Warren Buffett’s Fort Worth-based BNSF cuts jobs as railroads feel COVID-19 pain

Dallas News

While trains are considered essential businesses, that hasn’t protected the rail industry from the COVID-19 drag.

“COVID didn’t choose which modes of transportation to affect,” said Todd Tranausky, vice president of rail and intermodal at industry research firm FTR. “It hit them all.”

At a time when railroads were already laying off workers in the name of more efficient scheduling, the pandemic caused a significant drop in shipments, leading to even greater job cuts.

Fort Worth-based BNSF, owned by Warren Buffett’s Berkshire Hathaway, has had to reduce its workforce at locations across its network about 32,500 miles of track in 28 states and three Canadian provinces. However, the company — which operates one of the largest rail networks in the U.S. — declined to provide specific figures.

“With the current business environment, BNSF has seen a reduction in volumes as demand has weakened,” spokesman Ben Wilemon said in a statement.

TheLayoff.com, a website that tracks reports of layoffs through anonymous employee postings, indicated that 30 managers were let go at the corporate headquarters at the end of April.

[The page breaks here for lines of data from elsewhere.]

Lemma GammaD_map (D : mpoly R n -> mpoly R n) (D' : mpoly S n -> mpoly S n) r X :
  isDer (cm n) D' -> (forall b, D' (mapm f n b) = mapm f n (D b)) ->
  GammaD (cm n) n D r X -> GammaD (cm n) n D' r (map (mapm f n) X).
Proof.
move=> hD' ext [cs kil]; split; first exact: coord_sys_map.
apply: killedP => // x; rewrite -map_take => /mapP [y yin ->].
by rewrite ext (kil y) ?rmorph0 //; apply: in_subalg_mem.
Qed.

End BaseChange.

Section FractionField.
Variables (A : idomainType) (n : nat).
Local Notation K := {fraction A}.
Local Notation toK := (mapm (@tofrac A) n).

Lemma containsQ_frac : containsQ A -> containsQ K.
Proof.
move=> hQ m m_gt0; rewrite unitfE -(rmorph_nat (@tofrac A)) tofrac_eq0.
by apply/eqP => e; have := hQ m m_gt0; rewrite e unitr0.
Qed.

Lemma tofrac_inj : injective (@tofrac A).
Proof. by move=> x y /eqP; rewrite tofrac_eq => /eqP. Qed.

Lemma subalg_descent (X : seq (mpoly A n)) k b :
  containsQ A -> coord_sys (cm n) n X -> (k <= n)%N ->
  in_subalg (cm n) (take k (map toK X)) (toK b) -> in_subalg (cm n) (take k X) b.
Proof.
move=> hQ cs kn; have csK := coord_sys_map (@tofrac A) cs.
have [H ->] := coord_sysP b cs; move=> hb.
have szk : size (take k (map toK X)) = k by rewrite size_takel // size_map cs.1.
have [G EG] := in_subalgP szk hb.
have eqK : toK H = evalm (cm n) k G (take k (vars K n)).
  apply/eqP; rewrite -subr_eq0; apply/eqP.
  apply: (coord_sys_indep (containsQ_frac hQ) csK).
  by rewrite -evalm_atE rmorphB /= evalm_subst ?size_map ?cs.1 // -EG mapm_evalm subrr.
have pdH i : (k <= i)%N -> (i < n)%N -> pd i H = 0.
  move=> ki lti; apply: (mapm_inj (n := n) tofrac_inj); rewrite rmorph0 -pd_mapm eqK.
  exact: (pd_evalm_take_vars G ki lti).
have [P ->] := pd_sub hQ pdH.
by rewrite evalm_subst ?cs.1 //; apply: in_subalg_evalm.
Qed.

End FractionField.

Lemma has_rank_uniq (R S : comNzRingType) (phi : R -> S) n D r r' :
  has_rank phi n D r -> has_rank phi n D r' -> r = r'.
Proof. by move=> [e m] [e' m']; apply/eqP; rewrite eqn_leq m // m'. Qed.

Lemma rigid_descent (A : idomainType) n (D : mpoly A n -> mpoly A n)
    (DK : mpoly {fraction A} n -> mpoly {fraction A} n) r X X' b :
  containsQ A -> isDer (cm n) DK ->
  (forall b, DK (mapm (@tofrac A) n b) = mapm (@tofrac A) n (D b)) ->
  has_rank (cm n) n DK r -> rigid (cm n) n DK ->
  GammaD (cm n) n D r X -> GammaD (cm n) n D r X' ->
  in_subalg (cm n) (take (n - r) X) b -> in_subalg (cm n) (take (n - r) X') b.
Proof.
move=> hQ hDK ext rK rigK GX GX' [p ->].
apply: (subalg_descent hQ GX'.1 (leq_subr r n)).
apply: (rigK r rK _ _ (GammaD_map hDK ext GX) (GammaD_map hDK ext GX') _).1.
by rewrite mapm_evalm map_take; apply: in_subalg_evalm.
Qed.

Theorem theorem1p2 (A : idomainType) (n : nat)
    (D : mpoly A n -> mpoly A n)
    (DK : mpoly {fraction A} n -> mpoly {fraction A} n) :
  containsQ A ->
  isLND (@cm A n) D ->
  (* DK is the extension of D to K (x)_A B = K^[n] *)
  isDer (@cm {fraction A} n) DK ->
  (forall b, DK (mapm (@tofrac A) n b) = mapm (@tofrac A) n (D b)) ->
  (* rank D = rank D_K *)
  (exists r, has_rank (@cm A n) n D r /\ has_rank (@cm {fraction A} n) n DK r) ->
  rigid (@cm {fraction A} n) n DK ->
  rigid (@cm A n) n D.
Proof.
move=> hQ _ hDK ext [r [rD rDK]] rigK r' rD' X X' GX GX' b.
rewrite -(has_rank_uniq rD rD') in GX GX' *.
by split; [exact: (rigid_descent hQ hDK ext rDK rigK GX GX')
          | exact: (rigid_descent hQ hDK ext rDK rigK GX' GX)].
Qed.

BNSF cut its mechanical workforce in Nebraska by 95 people and laid off eight workers and furloughed 28 others in Kansas, according to industry publication RT&S. In addition, three maintenance facilities in Montana and Wyoming were closed, affecting 215 workers.

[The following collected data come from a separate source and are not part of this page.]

(* Let $K$ be a field and let $C=(c_{i,j})_{1\le i,j\le n}$ be a frieze matrix over $K$. Then for all $1\le i\le n-1$, $$c_{i,n}c_{1,i+1}-c_{i+1,n}c_{1,i} = c_{i,i+1}c_{1,n}.$$
   Context: A frieze matrix is a symmetric $n\times n$ matrix $C=(c_{i,j})$ over $K$ such that $c_{i,j}=0$ if and only if $i=j$, and satisfying the generalized diamond rule $c_{i,j}c_{i+1,j+1}-c_{i+1,j}c_{i,j+1}=c_{i,i+1}c_{j,j+1}$ for all indices with $n-1\ge j\ge i+1\ge 2$. *)

From mathcomp Require Import all_boot all_algebra.
Set Implicit Arguments. Unset Strict Implicit. Unset Printing Implicit Defensive.
Import GRing.Theory.
Local Open Scope ring_scope.

(* 1-indexed entry c_{i,j} of an n x n matrix, for 1 <= i,j <= n.
   Out-of-range indices give 0 (never used in the statements below). *)
Definition fent (K : fieldType) (n : nat) (C : 'M[K]_n) (i j : nat) : K :=
  match insub i.-1, insub j.-1 with
  | Some i', Some j' => C i' j'
  | _, _ => 0
  end.

Definition frieze_matrix (K : fieldType) (n : nat) (C : 'M[K]_n) : Prop :=
  [/\ C^T = C,
      (forall i j : 'I_n, (C i j == 0) = (i == j)) &
      (forall i j : nat, (1 <= i)%N -> (i + 1 <= j)%N -> (j <= n - 1)%N ->
         fent C i j * fent C i.+1 j.+1 - fent C i.+1 j * fent C i j.+1
         = fent C i i.+1 * fent C j j.+1)].

From mathcomp Require Import all_boot all_algebra.
From mathcomp Require Import ring zify.
Import GRing.Theory.
Local Open Scope ring_scope.

(* By the diamond
   rule, and since the entries above the diagonal do not vanish, three
   consecutive rows i, i+1, i+2 of the upper triangle satisfy the linear relation
     c_{i+1,i+2} X_i - c_{i,i+2} X_{i+1} + c_{i,i+1} X_{i+2} = 0,
   and so do three consecutive columns: the relation propagates from one column
   (resp. row) to the next because the 2x2 minors involved are given by the
   diamond rule.  Two vectors satisfying this relation have their consecutive
   2x2 minors in the ratio c_{i,i+1} : c_{i+1,i+2}; applied to the row segment
   (c_{1,i}, c_{1,i+1}, c_{1,i+2}) and the column segment
   (c_{i,n}, c_{i+1,n}, c_{i+2,n}), this carries the identity from i to i+1. *)

Section ThreeTermRelations.
Context {R : idomainType}.

Lemma three_term_transfer {a b c t p q r p' q' r' : R} : q != 0 ->
  p * q' - q * p' = c * t -> q * r' - r * q' = a * t ->
  a * p + c * r = b * q -> a * p' + c * r' = b * q'.
Proof.
move=> q_neq0 minor12 minor23 rel; apply: (mulfI q_neq0).
have qp' : q * p' = p * q' - c * t by rewrite -minor12; ring.
have qr' : q * r' = a * t + r * q' by rewrite -minor23; ring.
transitivity (a * (q * p') + c * (q * r')); first ring.
rewrite qp' qr'; transitivity (q' * (a * p + c * r)); first ring.
by rewrite rel; ring.
Qed.

Lemma three_term_minors {a b c N s t u x y z : R} : c != 0 ->
  a * s + c * u = b * t -> a * x + c * z = b * y ->
  x * t - y * s = c * N -> y * u - z * t = a * N.
Proof.
move=> c_neq0 rel_stu rel_xyz minor12; apply: (mulfI c_neq0).
have cu : c * u = b * t - a * s by rewrite -rel_stu; ring.
have cz : c * z = b * y - a * x by rewrite -rel_xyz; ring.
transitivity (y * (c * u) - t * (c * z)); first ring.
rewrite cu cz; transitivity (a * (x * t - y * s)); first ring.
by rewrite minor12; ring.
Qed.

End ThreeTermRelations.

Section DiamondRule.
Variables (R : idomainType) (n : nat) (c : nat -> nat -> R).
Hypothesis c_diag : forall i, (0 < i <= n)%N -> c i i = 0.
Hypothesis c_neq0 : forall i j, (0 < i)%N -> (i < j <= n)%N -> c i j != 0.
Hypothesis diamond : forall i j, (0 < i)%N -> (i < j < n)%N ->
  c i j * c i.+1 j.+1 - c i.+1 j * c i j.+1 = c i i.+1 * c j j.+1.

Lemma row_three_term i j : (0 < i)%N -> (i.+2 <= j <= n)%N ->
  c i.+1 i.+2 * c i j + c i i.+1 * c i.+2 j = c i i.+2 * c i.+1 j.
Proof.
move=> i_gt0 /andP[]; elim: j => // j IH.
rewrite leq_eqVlt ltnS => /predU1P[<- le_i2n | le_i2j lt_jn].
  by rewrite c_diag; [ring | lia].
apply: (three_term_transfer (t := c j j.+1)) (IH le_i2j (ltnW lt_jn)).
- by apply: c_neq0; lia.
- by apply: diamond; lia.
- by apply: diamond; lia.
Qed.

Lemma col_three_term i k : (0 < k <= i)%N -> (i.+2 <= n)%N ->
  c i.+1 i.+2 * c k i + c i i.+1 * c k i.+2 = c i i.+2 * c k i.+1.
Proof.
move=> /andP[k_gt0 le_ki] le_i2n.
have [d def_i] : exists d, i = (d + k)%N by exists (i - k)%N; rewrite subnK.
elim: d k k_gt0 def_i {le_ki} => [|d IH] k k_gt0 def_i.
  by rewrite def_i add0n c_diag; [ring | lia].
have minor (j : nat) : (i <= j)%N -> (j < n)%N ->
    c k.+1 j * c k j.+1 - c k.+1 j.+1 * c k j = c j j.+1 * - c k k.+1.
  move=> le_ij lt_jn; rewrite mulrN [c j _ * _]mulrC -diamond; [ring | lia..].
rewrite addSnnS in def_i.
apply: (three_term_transfer (t := - c k k.+1)) (IH k.+1 (ltn0Sn k) def_i).
- by apply: c_neq0; lia.
- by apply: minor; lia.
- by apply: minor; lia.
Qed.

Lemma ptolemy_first_last i : (0 < i < n)%N ->
  c i n * c 1 i.+1 - c i.+1 n * c 1 i = c i i.+1 * c 1 n.
Proof.
elim: i => // i IH /andP[_ lt_in].
have [->|i_gt0] := posnP i.
  by rewrite c_diag; [ring | lia].
apply: (three_term_minors (b := c i i.+2)) (IH _).
- by apply: c_neq0; lia.
- by apply: col_three_term; lia.
- by apply: row_three_term; lia.
- by rewrite i_gt0 ltnW.
Qed.

End DiamondRule.

Lemma frieze_fent_eq0 (K : fieldType) (n : nat) (C : 'M[K]_n) i j :
  frieze_matrix C -> (0 < i <= n)%N -> (0 < j <= n)%N ->
  (fent C i j == 0) = (i == j).
Proof.
case=> _ C_eq0 _ /andP[i_gt0 le_in] /andP[j_gt0 le_jn].
have lt_i'n : (i.-1 < n)%N by lia.
have lt_j'n : (j.-1 < n)%N by lia.
rewrite /fent !insubT /= C_eq0 -val_eqE /=.
by apply/eqP/eqP => [|->]; lia.
Qed.

Theorem proposition4p5 (K : fieldType) (n : nat) (C : 'M[K]_n) :
  frieze_matrix C ->
  forall i : nat, (1 <= i)%N -> (i <= n - 1)%N ->
    fent C i n * fent C 1 i.+1 - fent C i.+1 n * fent C 1 i
    = fent C i i.+1 * fent C 1 n.
Proof.
move=> frC i i_gt0 le_in1; have [_ _ diamond] := frC.
apply: ptolemy_first_last; last by apply/andP; split; lia.
- by move=> k k_bounds; apply/eqP; rewrite frieze_fent_eq0 ?eqxx.
- move=> k l k_gt0 /andP[lt_kl le_ln].
  by rewrite frieze_fent_eq0 //; lia.
- move=> k l k_gt0 /andP[lt_kl lt_ln].
  by apply: diamond; lia.
Qed.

In the first three months of this year, its revenue fell by 6% year-over-year to $5.4 billion because of COVID-19-related declines in consumer and industrial shipments. The small bright spot — a 3% increase in agricultural freight, was due to higher domestic grain and soybean shipments.

BNSF is expected to report another revenue decline in the second quarter and possibly beyond, according to a Bloomberg Intelligence report. But the railway has proven adept at cost-cutting in the past, the report said.

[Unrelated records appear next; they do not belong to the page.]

Lemma bin_subn_ge_pow (n s k : nat) : (k + s < n)%N ->
  'C(n, k)%:R * (1 - k%:R / (n - s)%:R) ^+ s <= ('C(n - s, k)%:R : R).
Proof.
move=> kDs_lt_n; set x : R := k%:R / (n - s)%:R.
have x_le1 : x <= 1 by rewrite ler_pdivrMr ?ltr0n ?mul1r ?ler_nat; lia.
suff /(_ s (leqnn s)) : forall i, (i <= s)%N ->
  'C(n, k)%:R * (1 - x) ^+ i <= ('C(n - i, k)%:R : R) by [].
elim=> [|i IHi] i_lt_s; first by rewrite mulr1 subn0.
rewrite subnS bin_predn_ratio; [|lia|lia].
rewrite exprS mulrCA; apply: ler_pM; rewrite ?subr_ge0 ?mulr_ge0 ?exprn_ge0 ?subr_ge0 //.
  rewrite lerD2l lerN2; apply: ler_wpM2l => //.
  by rewrite lef_pV2 ?posrE ?ltr0n ?ler_nat; lia.
exact/IHi/ltnW.
Qed.

Lemma expR_le_pow_1B (x : R) (s : nat) : 0 <= x < 1 ->
  expR (- (s%:R * (x / (1 - x)))) <= (1 - x) ^+ s.
Proof.
case/andP=> x_ge0 x_lt1; have x1_gt0 : 0 < 1 - x by rewrite subr_gt0.
rewrite -mulrN expRM_natl; apply: lerXn2r; rewrite ?nnegrE ?expR_ge0 //; first exact: ltW.
rewrite expRN -[X in _ <= X]invrK lef_pV2 ?posrE ?invr_gt0 ?expR_gt0 //.
rewrite [X in X <= _](_ : _ = 1 + x / (1 - x)) ?expR_ge1Dx //.
by field; rewrite gt_eqF.
Qed.

Lemma pow_1B_le_expR (z : R) (k : nat) : z <= 1 -> (1 - z) ^+ k <= expR (- (k%:R * z)).
Proof.
move=> z_le1; rewrite -mulrN expRM_natl.
by apply: lerXn2r; rewrite ?nnegrE ?expR_ge0 ?subr_ge0 ?expR_ge1Dx.
Qed.

Lemma bin_subn_ge_expR (n s k : nat) : (k + s < n)%N ->
  'C(n, k)%:R * expR (- (s%:R * (k%:R / (n - s - k)%:R))) <= ('C(n - s, k)%:R : R).
Proof.
move=> kDs_lt_n; apply: le_trans (bin_subn_ge_pow kDs_lt_n).
set x : R := k%:R / (n - s)%:R.
have ns_gt0 : (0 : R) < (n - s)%:R by rewrite ltr0n; lia.
have x_lt1 : x < 1 by rewrite /x ltr_pdivrMr // mul1r ltr_nat; lia.
have -> : k%:R / (n - s - k)%:R = x / (1 - x).
  rewrite [(n - s - k)%:R]natrB /x; last lia.
  by field; rewrite gt_eqF // gt_eqF // subr_gt0 ltr_nat; lia.
by apply: ler_wpM2l => //; rewrite expR_le_pow_1B // x_lt1 divr_ge0.
Qed.
End BinomialEstimates.

Section MainEstimate.
Variable R : realType.

Lemma ge12_of_large (l : R) : 4 * expR 2 <= l -> 12 <= l.
Proof. by have := expR_ge1Dx (2 : R); lra. Qed.

Lemma ln_ge1_of_large (l : R) : 4 * expR 2 <= l -> 1 <= ln l.
Proof.
move=> l_large; have l_ge12 := ge12_of_large l_large.
rewrite -[1]expRK ler_ln ?posrE ?expR_gt0 //; last lra.
have : expR 1 <= expR 2 :> R by rewrite ler_expR; lra.
by have := expR_gt0 (1 : R); lra.
Qed.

The company’s earnings dropped 22% in 2009 after the recession but increased 51% the following year. Since Berkshire acquired the railway in 2009, BNSF’s earnings have increased an average of 12% annually.

The drop in BNSF’s operations this year is indicative of the nationwide trend. The number of rail transportation employees nationally is expected to drop to 153,200 for May, down from 177,300 in the same month last year, according to the Bureau of Labor Statistics.

Omaha, Neb.-based Union Pacific said in January that it needed 3,000 fewer workers this year as it continues to follow the industry-wide trend to streamline operations. It had layoffs in May from virus-related volume declines, although it also didn’t specify the number.

Union Pacific’s first-quarter freight revenue declined 2.5% year-over-year to $4.9 billion. The rail operator is especially exposed to headwinds from COVID-related volume declines and the plummet in oil prices but its efforts to cut costs and streamline its business before the virus outbreak will help it weather the economic downturn, a Bloomberg Intelligence report said.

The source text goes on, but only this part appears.